21:41:13 <JAA> Really wget-at is the only tool that can write them, and IA's CDX-Writer and related software is the only thing that can read them.
21:41:28 <TheTechRobo> really? wpull can't write?
21:41:46 <JAA> I don't think there has been a commit to the wpull repo since we invented .warc.zst. lol
21:42:04 <TheTechRobo> Good point
21:42:10 <JAA> wpull only produces gzipped WARCs.

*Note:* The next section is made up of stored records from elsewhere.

Lemma strip_count_lt N K f v :
  (9 <= N)%nat -> length f = N -> incl f (grid (2 * N + 1)) ->
  (forall P Q, In P (grid (2 * N + 1)) -> In Q (grid (2 * N + 1)) ->
     (count (slab P Q) f < K)%nat) ->
  on_sphere v -> (strip_count N (fun i => sphere_point N (nth i f (0, 0)%nat)) v < K)%nat.
Proof.
  intros HN Hl Hf HK Hv; destruct v as [[v1 v2] v3]; apply on_sphere_sum_sqr in Hv.
  set (in_strip := fun i =>
         if Rle_dec (Rabs (dot3 (v1, v2, v3) (sphere_point N (nth i f (0, 0)%nat))))
                    (/ INR N) then true else false).
  change (strip_count _ _ _) with (count in_strip (seq 0 N)).
  assert (Hgrid : forall i, (i < N)%nat -> In (nth i f (0, 0)%nat) (grid (2 * N + 1)))
    by (intros i Hi; apply Hf, nth_In; lia).
  destruct (filter in_strip (seq 0 N)) as [|i0 S] eqn:ES.
  - assert (H00 : In (0, 0)%nat (grid (2 * N + 1))) by (apply in_grid; simpl; lia).
    specialize (HK _ _ H00 H00); unfold count; rewrite ES; simpl; lia.
  - set (L := map (fun i => nth i f (0, 0)%nat) (i0 :: S)).
    assert (HS : forall i, In i (i0 :: S) -> (i < N)%nat /\ in_strip i = true)
      by (intros i Hi; rewrite <- ES, filter_In, in_seq in Hi; split; [lia|tauto]).
    assert (HL : forall R, In R L -> In R (grid (2 * N + 1)) /\ in_strip_region N v1 v2 v3 R).
    { intros R HR; apply in_map_iff in HR as [i [<- Hi]]; destruct (HS i Hi) as [HiN Hs].
      pose proof (Hgrid i HiN) as HR; split; [exact HR|].
      apply in_grid in HR; unfold in_strip_region; do 2 (split; [lia|]).
      unfold in_strip in Hs; destruct Rle_dec as [Hr|]; [|discriminate].
      apply small_affine_form_of_strip; auto; lia. }
    destruct (slab_of_strip_region N v1 v2 v3 L) as [P [Q [HP [HQ HPQ]]]];
      auto; [discriminate|firstorder|].
    specialize (HK P Q (proj1 (HL P HP)) (proj1 (HL Q HQ))).
    enough (count in_strip (seq 0 N) <= count (slab P Q) f)%nat by lia.
    rewrite (count_nth_seq _ (0, 0)%nat f), Hl.
    apply count_le_incl; intros i Hi Hs; apply HPQ, (in_map (fun j => nth j f (0, 0)%nat)).
    rewrite <- ES; apply filter_In; auto.
Qed.

Lemma ln_le x y : 0 < x -> x <= y -> ln x <= ln y.
Proof. intros Hx [H|<-]; [left; now apply ln_increasing|right; reflexivity]. Qed.

Lemma exp_le x y : x <= y -> exp x <= exp y.
Proof. intros [H|<-]; [left; now apply exp_increasing|right; reflexivity]. Qed.

Lemma ln_le_sub_1 x : 0 < x -> ln x <= x - 1.
Proof.
  intros Hx; rewrite <- (ln_exp (x - 1)); apply ln_le; [exact Hx|].
  pose proof (exp_ineq1_le (x - 1)); lra.
Qed.

Lemma ln_le_half u : 0 < u -> ln u <= u / 2.
Proof.
  intros Hu; pose proof (sqrt_lt_R0 u Hu) as Hs; pose proof (sqrt_sqrt u (Rlt_le _ _ Hu)) as Hss.
  assert (ln u = 2 * ln (sqrt u)) by (rewrite <- Hss at 1; rewrite ln_mult by exact Hs; ring).
  pose proof (ln_le_sub_1 _ Hs); pose proof (Rle_0_sqr (sqrt u - 2)); unfold Rsqr in *; nra.
Qed.

(* From [(1 + 1/k)^k <= e <= 3]. *)
Lemma fact_ge_pow_div_3 k : (INR k / 3) ^ k <= INR (fact k).
Proof.
  induction k as [|k IH]; [simpl; lra|].
  change (fact (S k)) with (S k * fact k)%nat; rewrite mult_INR, S_INR.
  pose proof (pos_INR k) as Hk.
  assert (Hb : (INR k + 1) ^ k <= 3 * INR k ^ k).
  { destruct k as [|k]; [simpl; lra|].
    set (x := INR (S k)) in *.
    assert (Hx : 0 < x) by (unfold x; rewrite S_INR; pose proof (pos_INR k); lra).
    assert (E : (x + 1) ^ S k = x ^ S k * (1 + / x) ^ S k)
      by (rewrite <- Rpow_mult_distr; f_equal; field; lra).
    assert (H1 : (1 + / x) ^ S k <= exp 1).
    { assert (Hpos : 0 < 1 + / x) by (pose proof (Rinv_0_lt_compat x Hx); lra).
      rewrite <- (exp_ln ((1 + / x) ^ S k)) by (apply pow_lt; exact Hpos).
      apply exp_le; rewrite ln_pow by exact Hpos; fold x.
      pose proof (ln_le_sub_1 (1 + / x) Hpos).
      assert (Hxl : x * ln (1 + / x) <= x * / x) by (apply Rmult_le_compat_l; lra).
      rewrite Rinv_r in Hxl by lra; exact Hxl. }
    rewrite E; pose proof exp_le_3; pose proof (pow_lt x (S k) Hx); nra. }
  assert (E1 : ((INR k + 1) / 3) ^ S k = (INR k + 1) / 3 * ((INR k + 1) ^ k * (/ 3) ^ k))
    by (simpl; rewrite <- Rpow_mult_distr; reflexivity).
  assert (E2 : (INR k / 3) ^ k = INR k ^ k * (/ 3) ^ k)
    by (rewrite <- Rpow_mult_distr; reflexivity).
  rewrite E1; rewrite E2 in IH.
  assert (0 < (/ 3) ^ k) by (apply pow_lt; lra).
  assert ((INR k + 1) ^ k * (/ 3) ^ k <= 3 * (INR k ^ k * (/ 3) ^ k)) by nra.
  nra.
Qed.

(* [195 = 3 * 65]: [K! >= (K/3)^K] has to absorb [65^K] and [2 (2N + 1)^4]. *)
Definition slab_threshold (N : nat) : nat :=
  Z.to_nat (up (195 * (ln (INR N) / ln (ln (INR N))))).

Lemma ln_ln_pos N : (16 <= N)%nat -> 1 < ln (INR N) /\ 0 < ln (ln (INR N)).
Proof.
  intros HN; apply le_INR in HN; replace (INR 16) with 16 in HN by (simpl; lra).
  assert (H1 : 1 < ln (INR N)).
  { rewrite <- (ln_exp 1); apply ln_increasing; [apply exp_pos|pose proof exp_le_3; lra]. }
  split; [exact H1|rewrite <- ln_1; apply ln_increasing; lra].
Qed.

Lemma slab_threshold_bounds N : (16 <= N)%nat ->
  195 * (ln (INR N) / ln (ln (INR N))) <= INR (slab_threshold N)
  <= 195 * (ln (INR N) / ln (ln (INR N))) + 1.
Proof.
  intros HN; destruct (ln_ln_pos N HN) as [H1 H2].
  set (r := 195 * (ln (INR N) / ln (ln (INR N)))).
  assert (Hr : 0 < r) by (unfold r; apply Rmult_lt_0_compat; [lra|apply Rdiv_lt_0_compat; lra]).
  destruct (archimed r) as [Hu1 Hu2].
  assert (Hup : (0 < up r)%Z) by (apply lt_IZR; simpl; lra).
  unfold slab_threshold; fold r; rewrite INR_IZR_INZ, Z2Nat.id by lia; lra.
Qed.

(* [K ln (K/195) >= 195 (ln N / ln ln N) (ln ln N / 2)] because
   [ln (ln N / ln ln N) >= ln ln N / 2]. *)
Lemma pow_slab_threshold_ge N : (16 <= N)%nat ->
  2 * (2 * INR N + 1) ^ 4 <= (INR (slab_threshold N) / 195) ^ slab_threshold N.
Proof.
  intros HN; destruct (ln_ln_pos N HN) as [Hl1 Hl2].
  destruct (slab_threshold_bounds N HN) as [HK _].
  set (K := slab_threshold N) in *; set (k := INR K) in *.
  set (n := INR N) in *; set (l1 := ln n) in *; set (l2 := ln l1) in *.
  assert (Hn : 16 <= n) by (apply le_INR in HN; unfold n; simpl in HN; lra).
  set (L := l1 / l2) in *.
  assert (HL : 0 < L) by (apply Rdiv_lt_0_compat; lra).
  assert (Hk : 0 < k / 195) by lra.
  assert (HlL : l2 / 2 <= ln L).
  { unfold L, Rdiv; rewrite ln_mult, ln_Rinv by (try apply Rinv_0_lt_compat; lra).
    pose proof (ln_le_half l2 Hl2); fold l2; lra. }
  assert (Hlk : l2 / 2 <= ln (k / 195))
    by (apply Rle_trans with (ln L); [exact HlL|apply ln_le; [exact HL|lra]]).
  assert (HA : 195 / 2 * l1 <= k * ln (k / 195)).
  { apply Rle_trans with (195 * L * (l2 / 2)); [right; unfold L; field; lra|].
    apply Rmult_le_compat; lra. }
  assert (Hln2 : ln 2 <= 1) by (pose proof (ln_le_sub_1 2 ltac:(lra)); lra).
  assert (Hln3 : ln 3 <= 2) by (pose proof (ln_le_sub_1 3 ltac:(lra)); lra).
  assert (Hlhs : ln (2 * (2 * n + 1) ^ 4) <= k * ln (k / 195)).
  { rewrite ln_mult, ln_pow by (try apply pow_lt; lra).
    assert (ln (2 * n + 1) <= ln 3 + l1)
      by (unfold l1; rewrite <- ln_mult by lra; apply ln_le; lra).
    simpl INR; lra. }
  rewrite <- (exp_ln (2 * (2 * n + 1) ^ 4)) by (apply Rmult_lt_0_compat; [lra|apply pow_lt; lra]).
  rewrite <- (exp_ln ((k / 195) ^ K)) by (apply pow_lt; exact Hk).
  apply exp_le; rewrite ln_pow by exact Hk; exact Hlhs.
Qed.

Lemma fact_slab_threshold_ge N : (16 <= N)%nat ->
  (2 * (2 * N + 1) ^ 4 * 65 ^ slab_threshold N <= fact (slab_threshold N))%nat.
Proof.
  intros HN; pose proof (pow_slab_threshold_ge N HN) as Hpow.
  set (K := slab_threshold N) in *.
  apply INR_le; rewrite !mult_INR, !pow_INR, plus_INR, mult_INR.
  replace (INR 2) with 2 by reflexivity; replace (INR 1) with 1 by reflexivity.
  replace (INR 65) with 65 by (simpl; lra).
  eapply Rle_trans; [|apply fact_ge_pow_div_3].
  replace (INR K / 3) with (INR K / 195 * 65) by field.
  rewrite (Rpow_mult_distr (INR K / 195) 65 K).
  apply Rmult_le_compat_r; [apply pow_le; lra|exact Hpow].
Qed.

Theorem mainTheorem12 :
  exists c : R, exists N0 : nat,
    forall N : nat, (N0 <= N)%nat ->
      exists x : nat -> R3,
        (forall i, (i < N)%nat -> on_sphere (x i)) /\
        (forall i j, (i < N)%nat -> (j < N)%nat -> x i = x j -> i = j) /\
        (forall v : R3, on_sphere v ->
           INR (strip_count N x v) <= c * (ln (INR N) / ln (ln (INR N)))).
Proof.
  exists 195, 16%nat; intros N HN.
  destruct (exists_good_tuple N (slab_threshold N) (fact_slab_threshold_ge N HN))
    as [f [Hf [Hslab Hrepeat]]].
  apply in_tuples in Hf as [Hl Hgrid].
  exists (fun i => sphere_point N (nth i f (0, 0)%nat)); repeat split.
  - intros i _; apply on_sphere_sphere_point; lia.
  - intros i j Hi Hj E; apply sphere_point_inj in E; [|lia].
    apply (NoDup_nth f (0, 0)%nat); [|lia|lia|exact E].
    exact (NoDup_of_count_same_point f _ Hgrid Hrepeat).
  - intros v Hv.
    pose proof (strip_count_lt N (slab_threshold N) f v ltac:(lia) Hl Hgrid Hslab Hv) as Hs.
    apply le_INR in Hs; destruct (slab_threshold_bounds N HN) as [_ HK].
    rewrite S_INR in Hs; lra.
Qed.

21:42:22 <TheTechRobo> I was tempted to use ludios_wpull for my project since it's the only one decently maintained
21:42:56 <TheTechRobo> Ended up just compiling python 3.6 and using wpull with it
21:44:54 <JAA> pyenv ftw :-)
21:45:22 <TheTechRobo> I was going to, but I can't be bothered to install it :P
21:46:45 <TheTechRobo> IIRC I gave up on ludios_wpull because it didn't download anything
21:47:13 <TheTechRobo> Probably would have worked if I had fallen back to my 3.7 install (debian buster ftw) but I like to live on the edge with 3.9 :P
21:47:27 <TheTechRobo> I'll have to recompile soon tho, 3.10 just came out
21:49:06 <JAA> cd ~/.pyenv; git pull; pyenv install 3.10
21:49:07 <JAA> Done
21:49:08 <JAA> :-P
21:49:39 <JAA> 3.10.0 *
21:50:18 <TheTechRobo> Shouldn't 3.10 be aliased to the latest 3.10.*?
21:52:43 <JAA> I don't think pyenv has such aliases, but not sure.